▶ Problem
Please copy each line below that contains the string "consecutive".

──────── Data shown ────────

(* Let $A\ge0$ and let $\lambda$ be a composition whose first run has length at most $A$, having at least one run other than its first and last runs, and let $M$ be the maximal length of such an interior run; assume $M>2$. Then for all $x\in[0,1]$, $$\sup_{t\in[0,1]}\big|F_{X_I\mid X_F=x}(t)-F_{X_I}(t)\big|\le\frac{4A^2}{M-2},$$ in the continuous model associated with $\lambda$.
   Context: A composition $\lambda$ of $n$ is a finite sequence of positive integers $(\lambda_1,\dots,\lambda_k)$ with $\sum_j\lambda_j=n$; its descent set is $D_\lambda=\{\lambda_1,\lambda_1+\lambda_2,\dots,\lambda_1+\dots+\lambda_{k-1}\}\subseteq\{1,\dots,n-1\}$. The continuous model associated with $\lambda$: $(x_1,\dots,x_n)$ uniformly distributed on $P_\lambda=\{x\in[0,1]^n:\ x_i\ge x_{i+1}\text{ if }i\in D_\lambda,\ x_i\le x_{i+1}\text{ if }i\notin D_\lambda,\ 1\le i\le n-1\}$, with $X_I=x_1$, $X_F=x_n$. A run of $\lambda$ is a maximal set of consecutive cells $\{a,\dots,b\}$, $b\ge a+1$, such that either $\{a,\dots,b-1\}\cap D_\lambda=\emptyset$ or $\{a,\dots,b-1\}\subseteq D_\lambda$; its length is $b-a+1$. The first (resp. last) run is the one containing cell $1$ (resp. $n$). $F_{X_I}$ is the cumulative distribution function of $X_I$ and $F_{X_I\mid X_F=x}$ the conditional one given $X_F=x$. *)

From Stdlib Require Import Reals Lra Lia Arith List ClassicalEpsilon.
Open Scope R_scope.

Definition is_composition (lam : list nat) : Prop := Forall (fun k => (0 < k)%nat) lam.

Definition csize (lam : list nat) : nat := fold_right Nat.add 0%nat lam.

Definition descent (lam : list nat) (i : nat) : Prop :=
  exists k, (1 <= k < length lam)%nat /\ i = csize (firstn k lam).

Definition uniform_block (lam : list nat) (a b : nat) : Prop :=
  (1 <= a < b)%nat /\ (b <= csize lam)%nat /\
  ((forall i, (a <= i < b)%nat -> ~ descent lam i) \/
   (forall i, (a <= i < b)%nat -> descent lam i)).

(* a run {a,...,b}: a maximal uniform block of consecutive cells *)
Definition is_run (lam : list nat) (a b : nat) : Prop :=
  uniform_block lam a b /\
  (forall a' b', (a' <= a)%nat -> (b <= b')%nat -> uniform_block lam a' b' ->
     a' = a /\ b' = b).

Definition run_length (a b : nat) : nat := (b - a + 1)%nat.

Definition is_first_run (lam : list nat) (a b : nat) : Prop := is_run lam a b /\ a = 1%nat.
Definition is_last_run (lam : list nat) (a b : nat) : Prop := is_run lam a b /\ b = csize lam.
Definition is_interior_run (lam : list nat) (a b : nat) : Prop :=
  is_run lam a b /\ a <> 1%nat /\ b <> csize lam.

(* ---------- The polytope P_lambda (points are 1-indexed: v 1, ..., v n) ---------- *)

Definition in_P (lam : list nat) (v : nat -> R) : Prop :=
  (forall i, (1 <= i <= csize lam)%nat -> 0 <= v i <= 1) /\
  (forall i, (1 <= i)%nat -> (i + 1 <= csize lam)%nat ->
     (descent lam i -> v (S i) <= v i) /\ (~ descent lam i -> v i <= v (S i))).

Definition ind (P : Prop) : R := if excluded_middle_informative P then 1 else 0.

(* Riemann integral of f over [a,b] (0 if f is not Riemann integrable) *)
Definition RInt (f : R -> R) (a b : R) : R :=
  match excluded_middle_informative (inhabited (Riemann_integrable f a b)) with
  | left H => RiemannInt (epsilon H (fun _ => True))
  | right _ => 0
  end.

Definition upd (v : nat -> R) (j : nat) (y : R) : nat -> R :=
  fun i => if Nat.eqb i j then y else v i.

Fixpoint iint (k : nat) (F : (nat -> R) -> R) : R :=
  match k with
  | O => F (fun _ => 0)
  | S k' => RInt (fun y => iint k' (fun v => F (upd v (S k') y))) 0 1
  end.

(* F_{X_I}(t) = P(x_1 <= t) for x uniform on P_lambda *)
Definition cdf_XI (lam : list nat) (t : R) : R :=
  iint (csize lam) (fun v => ind (in_P lam v /\ v 1%nat <= t)) /
  iint (csize lam) (fun v => ind (in_P lam v)).

(* (unnormalised) density of X_F at x, restricted to x_1 <= t *)
Definition slice_dens (lam : list nat) (x t : R) : R :=
  iint (csize lam - 1) (fun v => ind (in_P lam (upd v (csize lam) x) /\
                                      upd v (csize lam) x 1%nat <= t)).

(* density of X_F at x (up to the normalising constant 1/vol P_lambda) *)
Definition dens_XF (lam : list nat) (x : R) : R :=
  iint (csize lam - 1) (fun v => ind (in_P lam (upd v (csize lam) x))).

Definition cdf_XI_given_XF (lam : list nat) (x t : R) : R :=
  slice_dens lam x t / dens_XF lam x.

(* Integrating out x_1, x_2, ... in turn yields densities h_k^t of x_(k+1) restricted to x_1 <= t:
   h_(k+1)^t(s) is the integral of h_k^t over [s, 1] or over [0, s], according to whether k + 1 is
   a descent. Then F_(X_I | X_F = x)(t) = h_(n-1)^t(x) / h_(n-1)^1(x), and F_(X_I)(t) is the
   ratio of the integrals of these two densities.
   Across an interior run with m steps, h^t becomes an m-fold repeated integral of the density f^t
   at the start of the run. By Cauchy's formula, m! times it lies between (1 - s^m) times the
   moments of f^t against (1 - z)^m and (1 - z)^(m-1); since f^1 is monotone, Chebyshev's
   inequality compares these two moments of f^1 and pinches h^t between c h^1 and C h^1 with
   C - c <= 2/m. The remaining integration steps are positive and linear, so the pinching persists
   up to h_(n-1), and both distribution functions lie in [c, C]. Finally every run has length at
   least 2, so A >= 2 and 2/m <= 4 A^2 / (M - 2) with M = m + 1. *)

From Pilot Require Import Defs.
From Stdlib Require Import Reals List Lra Lia ClassicalEpsilon FunctionalExtensionality Classical.
From Coquelicot Require Import Coquelicot.
Open Scope R_scope.

(** * Riemann integrals on [R] *)

(* Coquelicot's [RInt] at type [R]: its own statements live in a normed module, where [ring] and
   [lra] do not apply. *)
Definition integral (f : R -> R) (a b : R) : R := RInt f a b.

Lemma integral_scal (f : R -> R) a b c :
  ex_RInt f a b -> integral (fun x => c * f x) a b = c * integral f a b.
Proof. exact (RInt_scal f a b c). Qed.

Lemma integral_minus (f g : R -> R) a b : ex_RInt f a b -> ex_RInt g a b ->
  integral (fun x => f x - g x) a b = integral f a b - integral g a b.
Proof. exact (RInt_minus f g a b). Qed.

Lemma integral_Chasles (f : R -> R) a b c : ex_RInt f a b -> ex_RInt f b c ->
  integral f a b + integral f b c = integral f a c.
Proof. exact (RInt_Chasles f a b c). Qed.

Lemma integral_const a b c : integral (fun _ => c) a b = (b - a) * c.
Proof. exact (RInt_const a b c). Qed.

Lemma integral_point (f : R -> R) a : integral f a a = 0.
Proof. exact (RInt_point a f). Qed.

Lemma integral_ext (f g : R -> R) a b :
  (forall x, Rmin a b < x < Rmax a b -> f x = g x) -> integral f a b = integral g a b.
Proof. exact (RInt_ext f g a b). Qed.

Lemma integral_le (f g : R -> R) a b : a <= b -> ex_RInt f a b -> ex_RInt g a b ->
  (forall x, a < x < b -> f x <= g x) -> integral f a b <= integral g a b.
Proof. exact (RInt_le f g a b). Qed.

Lemma integral_ge0 (f : R -> R) a b : a <= b -> ex_RInt f a b ->
  (forall x, a < x < b -> 0 <= f x) -> 0 <= integral f a b.
Proof. exact (RInt_ge_0 f a b). Qed.

Lemma ex_RInt_ext_R (f g : R -> R) a b :
  (forall x, Rmin a b < x < Rmax a b -> f x = g x) -> ex_RInt f a b -> ex_RInt g a b.
Proof. exact (ex_RInt_ext f g a b). Qed.

Lemma ex_RInt_scal_R (f : R -> R) a b c : ex_RInt f a b -> ex_RInt (fun x => c * f x) a b.
Proof. exact (ex_RInt_scal f a b c). Qed.

Lemma Defs_RInt_eq_integral (f : R -> R) a b : ex_RInt f a b -> Defs.RInt f a b = integral f a b.
Proof.
  intros H. unfold Defs.RInt.
  destruct (excluded_middle_informative _) as [Hi|Hn].
  - symmetry. apply RInt_Reals.
  - exfalso. apply Hn. constructor. now apply ex_RInt_Reals_0.
Qed.

Lemma Defs_RInt_not_integrable (f : R -> R) a b : ~ ex_RInt f a b -> Defs.RInt f a b = 0.
Proof.
  intros H. unfold Defs.RInt.
  destruct (excluded_middle_informative _) as [[Hi]|Hn]; auto.
  exfalso. apply H. now apply ex_RInt_Reals_1.
Qed.

Lemma Defs_RInt_mult_r (f : R -> R) a b c :
  Defs.RInt (fun y => f y * c) a b = Defs.RInt f a b * c.
Proof.
  destruct (Req_dec c 0) as [->|Hc].
  - rewrite Rmult_0_r, Defs_RInt_eq_integral.
    + rewrite (integral_ext _ (fun _ => 0)) by (intros; ring). rewrite integral_const. ring.
    + apply (ex_RInt_ext_R (fun _ => 0)); [intros; ring|apply ex_RInt_const].
  - assert (Hiff : ex_RInt (fun y => f y * c) a b <-> ex_RInt f a b).
    { split; intros H.
      - apply (ex_RInt_ext_R (fun y => / c * (f y * c))); [intros; field; exact Hc|].
        now apply ex_RInt_scal_R.
      - apply (ex_RInt_ext_R (fun y => c * f y)); [intros; ring|].
        now apply ex_RInt_scal_R. }
    destruct (classic (ex_RInt f a b)) as [H|H].
    + rewrite !Defs_RInt_eq_integral by (exact H || now apply Hiff).
      rewrite (integral_ext _ (fun y => c * f y)) by (intros; ring).
      rewrite integral_scal by exact H. ring.
    + rewrite !Defs_RInt_not_integrable by (rewrite ?Hiff; exact H). ring.
Qed.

────────

▶ Written solution
   Context: A composition $\lambda$ of $n$ is a finite sequence of positive integers $(\lambda_1,\dots,\lambda_k)$ with $\sum_j\lambda_j=n$; its descent set is $D_\lambda=\{\lambda_1,\lambda_1+\lambda_2,\dots,\lambda_1+\dots+\lambda_{k-1}\}\subseteq\{1,\dots,n-1\}$. The continuous model associated with $\lambda$: $(x_1,\dots,x_n)$ uniformly distributed on $P_\lambda=\{x\in[0,1]^n:\ x_i\ge x_{i+1}\text{ if }i\in D_\lambda,\ x_i\le x_{i+1}\text{ if }i\notin D_\lambda,\ 1\le i\le n-1\}$, with $X_I=x_1$, $X_F=x_n$. A run of $\lambda$ is a maximal set of consecutive cells $\{a,\dots,b\}$, $b\ge a+1$, such that either $\{a,\dots,b-1\}\cap D_\lambda=\emptyset$ or $\{a,\dots,b-1\}\subseteq D_\lambda$; its length is $b-a+1$. The first (resp. last) run is the one containing cell $1$ (resp. $n$). $F_{X_I}$ is the cumulative distribution function of $X_I$ and $F_{X_I\mid X_F=x}$ the conditional one given $X_F=x$. *)
(* a run {a,...,b}: a maximal uniform block of consecutive cells *)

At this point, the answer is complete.